■ **The data**
(* (a) Let $T$ be a numerical semigroup with $\alpha$-rectangular Apéry set, and let $d_1,d_2$ be coprime positive integers with $d_1\in T$ not a minimal generator of $T$, $d_2\ge 2$, $d_1\notin\mathrm{Ap}(T)$ and $d_1>d_2\,m(T)$. Then the numerical semigroup $S=d_2T+d_1\mathbb N=\{d_2t+d_1k: t\in T,k\in\mathbb N\}$ has $\alpha$-rectangular Apéry set. (b) Conversely, every numerical semigroup $S\neq\mathbb N$ with $\alpha$-rectangular Apéry set is of the form $S=d_2T+d_1\mathbb N$ for some numerical semigroup $T$ with $\alpha$-rectangular Apéry set and integers $d_1,d_2$ satisfying all the hypotheses in (a).
   Context: A numerical semigroup is a submonoid $S$ of $(\mathbb N,+)$ with finite complement in $\mathbb N$; $g_1<\dots<g_\nu$ is its minimal system of generators, $m(S)=g_1$ its multiplicity, and $\mathrm{Ap}(S)=\{s\in S: s-m(S)\notin S\}$. For $i=2,\dots,\nu$, $\alpha_i=\max\{h\in\mathbb N: hg_i\in\mathrm{Ap}(S)\}$, and $\mathrm{Ap}(S)$ is $\alpha$-rectangular if $\mathrm{Ap}(S)=\{\sum_{i=2}^\nu\lambda_ig_i: 0\le\lambda_i\le\alpha_i\}$. (Under the hypotheses of (a), $S=d_2T+d_1\mathbb N$ is the gluing of $T$ and $\mathbb N$, minimally generated by $d_2$ times the minimal generators of $T$ together with $d_1$.) *)

From mathcomp Require Import all_boot.
From Stdlib Require Import ClassicalEpsilon.
Set Implicit Arguments. Unset Strict Implicit. Unset Printing Implicit Defensive.
Lemma relabel_automorphism s pi rho :
  (forall p a, rho p (pi p a) = a) -> (forall p a, pi p (rho p a) = a) ->
  is_automorphism vertex arrow (relabel s pi).
Proof.
  intros HK HK'. split.
  - exists (fun v => mkV (lvl v - s) (rho (lvl v - s) (cur v))
                         (rho (lvl v - s + 1) (nxt v))).
    split; intros [i a b]; unfold relabel; simpl.
    + replace (i + s - s) with i by lia. rewrite !HK. reflexivity.
    + replace (i - s + s) with i by lia. rewrite !HK'. reflexivity.
  - intros [i a b] [j a' b']; unfold arrow, relabel; simpl.
    split; intros [Hj Hlab]; (assert (j = i + 1) by lia); subst j;
      split; try lia; intro Heq; apply Hlab.
    + rewrite <- (HK (i + 1) b), <- (HK (i + 1) a'). congruence.
    + congruence.
Qed.

Lemma relabel_fixed pi v :
  pi (lvl v) (cur v) = cur v -> pi (lvl v + 1) (nxt v) = nxt v -> relabel 0 pi v = v.
Proof.
  destruct v as [i a b]; unfold relabel; simpl; intros Ha Hb.
  rewrite Ha, Hb, Z.add_0_r. reflexivity.
Qed.

Definition swaps_to (u u' : vertex) (p : Z) : label -> label :=
  if Z.eq_dec p (lvl u) then swap (cur u) (cur u')
  else if Z.eq_dec p (lvl u + 1) then swap (nxt u) (nxt u')
  else fun a => a.

Lemma swaps_toK u u' p a : swaps_to u u' p (swaps_to u u' p a) = a.
Proof. unfold swaps_to; repeat destruct Z.eq_dec; auto using swapK. Qed.

Lemma swaps_to_automorphism s u u' :
  is_automorphism vertex arrow (relabel s (swaps_to u u')).
Proof. apply relabel_automorphism with (swaps_to u u'); apply swaps_toK. Qed.

Lemma relabel_swaps_to s u u' :
  relabel s (swaps_to u u') u = mkV (lvl u + s) (cur u') (nxt u').
Proof.
  unfold relabel, swaps_to.
  destruct (Z.eq_dec (lvl u) (lvl u)); [|congruence].
  destruct (Z.eq_dec (lvl u + 1) (lvl u)); [lia|].
  destruct (Z.eq_dec (lvl u + 1) (lvl u + 1)); [|congruence].
  rewrite !swap_l. reflexivity.
Qed.

Lemma vertex_transitive v w :
  exists f, is_automorphism vertex arrow f /\ f v = w.
Proof.
  exists (relabel (lvl w - lvl v) (swaps_to v w)).
  split; [apply swaps_to_automorphism|].
  rewrite relabel_swaps_to. destruct w as [j a b]; simpl. f_equal. lia.
Qed.

Lemma swaps_to_fixes_above u1 u2 v z :
  arrow u1 v -> arrow u2 v -> lvl v < lvl z \/ z = v ->
  relabel 0 (swaps_to u1 u2) z = z.
Proof.
  intros [Hv1 Hn1] [Hv2 Hn2] [Hz|<-]; apply relabel_fixed; unfold swaps_to;
    repeat destruct Z.eq_dec; try lia; try reflexivity.
  apply swap_other; congruence.
Qed.

Lemma arrow_extension u1 u2 v l :
  arrow u1 v -> arrow u2 v ->
  Forall (is_edge vertex arrow) l -> chained vertex l -> starts_at vertex v l ->
  exists h, is_automorphism vertex arrow h /\ h u1 = u2 /\ h v = v /\
            map (map_edge vertex h) l = l.
Proof.
  intros H1 H2 Hedges Hchain Hstart.
  pose proof (fun z => swaps_to_fixes_above u1 u2 v z H1 H2) as Hfix.
  pose proof (path_above _ _ lvl (fun x y H => proj1 H) l v Hedges Hchain Hstart)
    as Habove.
  exists (relabel 0 (swaps_to u1 u2)).
  split; [apply swaps_to_automorphism|split; [|split]].
  - rewrite relabel_swaps_to.
    destruct u2 as [k a b]; destruct H1, H2; simpl in *. f_equal. lia.
  - apply Hfix. right; reflexivity.
  - rewrite <- (map_id l) at 2. apply map_ext_in. intros [x y] Hin.
    destruct (Habove _ Hin) as [Hx Hy]; simpl in *.
    unfold map_edge; simpl. rewrite !Hfix; [reflexivity|lia|].
    destruct Hx; [right|left]; assumption.
Qed.

Lemma arrow_highly_arc_transitive : highly_arc_transitive vertex arrow.
Proof.
  intros n. split.
  - apply (arc_exists _ _ (mkV 0 LA LA)). intros v.
    exists (mkV (lvl v + 1) (third (nxt v) (nxt v)) LA).
    split; [reflexivity|apply third_neq_l].
  - intros a b.
    exact (arc_transitive_of_extension _ _ vertex_transitive arrow_extension n a b).
Qed.

(* Two vertices of the same level have a common out-neighbour. *)
Lemma arrow_connected_fibers v w :
  lvl v = lvl w -> clos_refl_sym_trans vertex arrow v w.
Proof.
  intros Hvw. apply rst_trans with (mkV (lvl v + 1) (third (nxt v) (nxt w)) LA).
  - apply rst_step. split; [reflexivity|apply third_neq_l].
  - apply rst_sym, rst_step. split; [simpl; lia|apply third_neq_r].
Qed.
Lemma not_xonly_incr N j I : (0 < j < N)%nat -> length I = N -> ~ xonly N (incr j I).
Proof.
  intros Hj HL [_ H]. specialize (H j ltac:(lia)). rewrite nth_incr in H by lia.
  rewrite Nat.eqb_refl in H. discriminate.
Qed.

Lemma not_xonly_eMI N j : (0 < j < N)%nat -> ~ xonly N (eMI N j).
Proof. intros H. apply not_xonly_incr; auto. apply length_zeroMI. Qed.

Lemma nth_iter_incr_0_i N i a b m : (0 < i < N)%nat ->
  nth m (Nat.iter a (incr 0) (Nat.iter b (incr i) (zeroMI N))) 0%nat =
  if Nat.eqb m 0 then a else if Nat.eqb m i then b else 0%nat.
Proof.
  intros H. rewrite nth_iter_incr by (rewrite length_iter_incr, length_zeroMI; lia).
  rewrite nth_iter_incr by (rewrite length_zeroMI; lia). rewrite nth_zeroMI.
  destruct (Nat.eqb_spec m 0); destruct (Nat.eqb_spec m i); subst; lia.
Qed.

Fixpoint shiftMI (k : nat) (K : MI) (I : MI) : MI :=
  match K with nil => I | a :: l => shiftMI (S k) l (Nat.iter a (incr k) I) end.

Lemma shiftMI_incr k K i I : shiftMI k K (incr i I) = incr i (shiftMI k K I).
Proof. revert k I; induction K; intros k I; simpl; auto. rewrite iter_incr_comm; auto. Qed.

Lemma iter_incr_app P x l a :
  Nat.iter a (incr (length P)) (P ++ x :: l) = P ++ (a + x)%nat :: l.
Proof.
  induction a; [reflexivity|]. rewrite Nat.iter_succ, IHa.
  clear. induction P; simpl; auto. rewrite IHP; auto.
Qed.

Lemma shiftMI_app K P : shiftMI (length P) K (P ++ repeat 0%nat (length K)) = P ++ K.
Proof.
  revert P; induction K as [|a K IH]; intros P; simpl; [rewrite app_nil_r; auto|].
  rewrite iter_incr_app, Nat.add_0_r.
  replace (S (length P)) with (length (P ++ [a])) by (rewrite length_app; simpl; lia).
  replace (P ++ a :: repeat 0%nat (length K)) with ((P ++ [a]) ++ repeat 0%nat (length K))
    by (rewrite <- app_assoc; auto).
  rewrite IH, <- app_assoc; auto.
Qed.

Lemma shiftMI_zeroMI N K : length K = N -> shiftMI 0 K (zeroMI N) = K.
Proof. intros H. unfold zeroMI. subst. apply (shiftMI_app K nil). Qed.

Lemma Dmulti_aux_zeros k n F : Dmulti_aux k (repeat 0%nat n) F = F.
Proof. revert k; induction n; intros k; simpl; auto. Qed.

Lemma Dmulti_zeroMI N F : Dmulti (zeroMI N) F = F.
Proof. apply Dmulti_aux_zeros. Qed.

Lemma Dmulti_xMI N a F : (0 < N)%nat -> Dmulti (xMI N a) F = Nat.iter a (Dt 0) F.
Proof.
  intros H. destruct N; [lia|]. unfold xMI, zeroMI. simpl repeat.
  replace (Nat.iter a (incr 0) (0%nat :: repeat 0%nat N)) with (a :: repeat 0%nat N).
  - unfold Dmulti. simpl. apply Dmulti_aux_zeros.
  - induction a; [reflexivity|]. rewrite Nat.iter_succ, <- IHa. reflexivity.
Qed.

Lemma Dmulti_aux_incr n k j F : (j < n)%nat ->
  Dmulti_aux k (incr j (repeat 0%nat n)) F = Dt (k + j) F.
Proof.
  revert k j; induction n; intros k j H; [lia|]. simpl repeat. destruct j.
  - simpl. rewrite Dmulti_aux_zeros, Nat.add_0_r; auto.
  - simpl. rewrite IHn by lia. f_equal; lia.
Qed.

Lemma Dmulti_eMI N j F : (j < N)%nat -> Dmulti (eMI N j) F = Dt j F.
Proof. intros H. apply Dmulti_aux_incr; auto. Qed.

Lemma Dmulti_aux_ext N k K F G : regular_df N F -> regular_df N G -> fn F = fn G ->
  fn (Dmulti_aux k K F) = fn (Dmulti_aux k K G).
Proof.
  revert k F G; induction K; intros k F G HF HG E; simpl; auto.
  apply IHK; try apply regular_df_iter; auto. apply (iter_Dt_ext N); auto.
Qed.

Lemma Dmulti_aux_sub N k K F G : regular_df N F -> regular_df N G ->
  fn (Dmulti_aux k K (subDF F G)) = fun v => fn (Dmulti_aux k K F) v - fn (Dmulti_aux k K G) v.
Proof.
  revert k F G; induction K; intros k F G HF HG; simpl; auto.
  rewrite (Dmulti_aux_ext N (S k) K _ (subDF (Nat.iter a (Dt k) F) (Nat.iter a (Dt k) G))).
  - apply IHK; apply regular_df_iter; auto.
  - apply regular_df_iter, regular_df_sub; auto.
  - apply regular_df_sub; apply regular_df_iter; auto.
  - apply (iter_Dt_sub N); auto.
Qed.

Lemma Dmulti_aux_coord k K I : fn (Dmulti_aux k K (coordF I)) = fn (coordF (shiftMI k K I)).
Proof.
  revert k I; induction K; intros k I; simpl; auto.
  rewrite (Dmulti_aux_ext 0 (S k) K _ (coordF (Nat.iter a (incr k) I))).
  - apply IHK.
  - apply regular_df_iter, regular_df_coord.
  - apply regular_df_coord.
  - apply iter_Dt_coord.
Qed.

Definition xonly_df (N : nat) (F : DF) : Prop := List.Forall (xonly N) (supp F).

Lemma xonly_df_length N F : xonly_df N F -> List.Forall (fun I => length I = N) (supp F).
Proof. intros H. eapply List.Forall_impl; [|exact H]. intros I [HI _]; auto. Qed.

Lemma regular_df_is_dfun N F : regular_df N F -> xonly_df N F -> is_dfun N F.
Proof.
  intros [Hd Hg] X. split; [apply xonly_df_length; auto|].
  split; [exact Hd|apply (regular_smooth N); auto].
Qed.

Lemma depends_on_xproj N S f v : depends_on S f -> List.Forall (xonly N) S -> f (xproj N v) = f v.
Proof.
  intros H HS. apply H. intros I HI. rewrite Forall_forall in HS.
  unfold xproj. rewrite (proj1 (xonly_xonlyb N I)); auto.
Qed.

Lemma xonly_df_Dt0 N F : xonly_df N F -> xonly_df N (Dt 0 F).
Proof.
  unfold xonly_df; simpl. intros H. apply List.Forall_app; split; auto.
  apply List.Forall_map. eapply List.Forall_impl; [|exact H]. intros; apply xonly_incr0; auto.
Qed.

Lemma xonly_df_iter N n F : xonly_df N F -> xonly_df N (Nat.iter n (Dt 0) F).
Proof. intros H; induction n; simpl; auto. apply xonly_df_Dt0; auto. Qed.

Lemma Dmulti_xproj N I Q v : (0 < N)%nat -> xonly N I -> regular_df N Q -> xonly_df N Q ->
  fn (Dmulti I Q) (xproj N v) = fn (Dmulti I Q) v.
Proof.
  intros HN HI WQ XQ. rewrite (xonly_eq_xMI N I), Dmulti_xMI by auto.
  apply (depends_on_xproj N (supp (Nat.iter (ordMI I) (Dt 0) Q))).
  - apply (regular_df_iter N); auto.
  - apply xonly_df_iter; auto.
Qed.

Lemma Dt_time_xproj N j G v : (0 < j < N)%nat ->
  List.Forall (fun I => length I = N) (supp G) -> fn (Dt j G) (xproj N v) = 0.
Proof.
  intros Hj HG. simpl. apply sumL_zero. intros I HI. rewrite Forall_forall in HG.
  unfold xproj. case_eq (xonlyb N (incr j I)); intro E; [|ring].
  exfalso. apply (not_xonly_incr N j I); auto. apply xonly_xonlyb; auto.
Qed.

■ **What you need to do**
Above this instruction are the records; retype exactly the lines from the one containing "Lemma Dmulti_xproj N" up to and including the one containing "- apply (regular_df_iter N); auto.".

■ **Response area**
Lemma Dmulti_xproj N I Q v : (0 < N)%nat -> xonly N I -> regular_df N Q -> xonly_df N Q ->
  fn (Dmulti I Q) (xproj N v) = fn (Dmulti I Q) v.
Proof.
  intros HN HI WQ XQ. rewrite (xonly_eq_xMI N I), Dmulti_xMI by auto.
  apply (depends_on_xproj N (supp (Nat.iter (ordMI I) (Dt 0) Q))).
  - apply (regular_df_iter N); auto.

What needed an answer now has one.